Врачи продолжали завышать Лэнсу шансы на выживание в личных беседах, но разговаривая друг с другом, некоторые уже качали головой, считая, что пациент практически мертв. Его шансы были мизерными, всего 3 процента.
Желая получать как можно больше консультаций, Лэнс столкнулся с радикальным мнением – ему предложили пройти очень агрессивный курс лечения, в который был включен блеомицин. Врач из Хьюстона, куда Лэнс поехал на консультацию, говорил, что только это может спасти его; но рассказал и о грядущих последствиях – он не смог бы иметь детей, а также продолжать карьеру в велоспорте. Лэнс взял паузу, во время которой встретился уже с другим врачом, Крейгом Николсом, который знал все о раке яичка, и тот предложил альтернативное лечение.

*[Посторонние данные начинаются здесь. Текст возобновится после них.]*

(* Let $X$ be a Banach space and $k\in\mathbb{N}$. Every bounded $k$-sequence $(x_s)_{s\in[\mathbb{N}]^k}$ in $X$ (i.e. $\sup_s\|x_s\|<\infty$) admits a $k$-spreading model: there exist an infinite $M\subseteq\mathbb{N}$ and a seminorm $\|\cdot\|_*$ on $c_{00}(\mathbb{N})$ such that $(x_s)_{s\in[M]^k}$ generates the natural Hamel basis $(e_n)_n$ of $(c_{00}(\mathbb{N}),\|\cdot\|_* )$ as a $k$-spreading model.
   Context: $[M]^k$ denotes the $k$-element subsets of $M\subseteq\mathbb{N}$, each $s$ identified with its increasing enumeration $s(1)<\dots<s(k)$; $M(n)$ denotes the $n$-th element of $M$. A $k$-sequence in $X$ is a map $[\mathbb{N}]^k\to X$, written $(x_s)_{s\in[\mathbb{N}]^k}$; its restriction to $[M]^k$ is written $(x_s)_{s\in[M]^k}$. A finite sequence $(s_j)_{j=1}^l$ in $[M]^k$ is a plegma family if $s_1(i)<\dots<s_l(i)$ for every $1\le i\le k$ and $s_l(i)<s_1(i+1)$ for every $1\le i<k$; $\mathrm{Plm}_l([M]^k)$ is the set of such families of length $l$. Given an infinite-dimensional seminormed space $(E,\|\cdot\|_* )$ with Hamel basis $(e_n)_n$, we say $(x_s)_{s\in[M]^k}$ generates $(e_n)_n$ as a $k$-spreading model if there is a null sequence $(\delta_n)$ of positive reals such that for all $m\le l$, all $(s_j)_{j=1}^m\in\mathrm{Plm}_m([M]^k)$ with $s_1(1)\ge M(l)$ and all $a_1,\dots,a_m\in[-1,1]$: $\big|\|\sum_{j=1}^m a_jx_{s_j}\|-\|\sum_{j=1}^m a_je_j\|_*\big|\le\delta_l$. A $k$-sequence admits $(e_n)$ as a $k$-spreading model if some $(x_s)_{s\in[M]^k}$ generates it. *)

From Stdlib Require Import Reals Lra List.
Import ListNotations.
Open Scope R_scope.

Record Banach := {
  carrier :> Type;
  vzero : carrier;
  vadd : carrier -> carrier -> carrier;
  vopp : carrier -> carrier;
  vscal : R -> carrier -> carrier;
  vnorm : carrier -> R;
  vadd_assoc : forall x y z, vadd x (vadd y z) = vadd (vadd x y) z;
  vadd_comm : forall x y, vadd x y = vadd y x;
  vadd_0 : forall x, vadd x vzero = x;
  vadd_opp : forall x, vadd x (vopp x) = vzero;
  vscal_1 : forall x, vscal 1 x = x;
  vscal_assoc : forall a b x, vscal a (vscal b x) = vscal (a * b) x;
  vscal_distr_l : forall a x y, vscal a (vadd x y) = vadd (vscal a x) (vscal a y);
  vscal_distr_r : forall a b x, vscal (a + b) x = vadd (vscal a x) (vscal b x);
  vnorm_eq0 : forall x, vnorm x = 0 -> x = vzero;
  vnorm_scal : forall a x, vnorm (vscal a x) = Rabs a * vnorm x;
  vnorm_triangle : forall x y, vnorm (vadd x y) <= vnorm x + vnorm y;
  vcomplete : forall u : nat -> carrier,
    (forall eps, 0 < eps -> exists N, forall n m, (N <= n)%nat -> (N <= m)%nat ->
        vnorm (vadd (u n) (vopp (u m))) < eps) ->
    exists l, forall eps, 0 < eps -> exists N, forall n, (N <= n)%nat ->
        vnorm (vadd (u n) (vopp l)) < eps
}.

Fixpoint vsum (X : Banach) (n : nat) (f : nat -> X) : X :=
  match n with
  | O => vzero X
  | S n' => vadd X (vsum X n' f) (f n')
  end.
(* The [None] branch is never taken: by [in_obox_split], a point of the box
   whose last coordinate is not an endpoint has its other coordinates in the
   smaller box. *)
Definition tbox_fun m (cd : cprod (yon k.+1) (obox n.+1 e) m) : A m :=
  let c := cd.1 in let d := sval cd.2 in
  match Blast d with
  | inl bb => square_end bb c (Binit d)
  | inr _ => match (insub (Binit d) : option (obox n e m)) with
             | Some x => box_path c x (Blast d)
             | None => square_end false c (Binit d)
             end
  end.

Lemma box_path_endpt m c (x : obox n e m) bb :
  box_path c x (inl bb) = square_end bb c (sval x).
Proof. by have := Hab (c, x); rewrite /= /square_end /box_path => <-; case: bb. Qed.

Lemma tbox_fun_endpt m (cd : cprod (yon k.+1) (obox n.+1 e) m) bb :
  Blast (sval cd.2) = inl bb -> tbox_fun cd = square_end bb cd.1 (Binit (sval cd.2)).
Proof. by rewrite /tbox_fun /= => ->. Qed.

Lemma tbox_fun_path m (cd : cprod (yon k.+1) (obox n.+1 e) m) (x : obox n e m) :
  sval x = Binit (sval cd.2) -> tbox_fun cd = box_path cd.1 x (Blast (sval cd.2)).
Proof.
move=> Hx; rewrite /tbox_fun /=.
case: (Blast _) => [bb|j]; first by rewrite box_path_endpt Hx.
case: insubP => [y _ Hy|]; first by congr box_path; apply: val_inj; rewrite /= Hy.
by rewrite -Hx (svalP x).
Qed.

Lemma square_end_nat bb m m' (f : Bmor m m') c d :
  square_end bb (Bcomp f c) (Bcomp f d) = cact f (square_end bb c d).
Proof. by rewrite /square_end (hnat a f (c, d)); case: bb. Qed.

Lemma box_path_nat m m' (f : Bmor m m') c (x : obox n e m) t :
  box_path (Bcomp f c) (cact f x) (bext f t) = cact f (box_path c x t).
Proof.
rewrite /box_path (hnat b f (c, x)) -(hnat (happ b m (c, x))) /=.
rewrite Bcomp_id_l Bcomp_id_r; congr happ; congr pair.
by apply/ffunP=> i; rewrite !ffunE.
Qed.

– Ты не будешь принимать блеомицин, но те вещества, которые мы введем в твой организм, окажут краткосрочное, зато сильнейшее воздействие. Тебе будет очень плохо, зато легким мы не повредим, и ты снова сможешь стать крутым велосипедистом.
– Вы не можете убить меня, ударьте по болезни изо всех орудий, что у вас есть, – ответил Лэнс Армстронг. – Что бы вы ни давали другим пациентам, дайте мне в два раза больше! Я хочу убедиться, что вы используете все, что у вас есть – давайте-ка убьем эту чертову хрень.
– А пока из срочных мер я предлагаю операцию на головном мозге, – продолжил Николс. – Обычно в таких случаях мы выбираем радиацию в качестве лечения, но люди, которые проходят ее, становятся другими, они начинают хуже соображать, а главное, у них возникают проблемы с координацией, что плохо для велосипедиста. Что скажешь?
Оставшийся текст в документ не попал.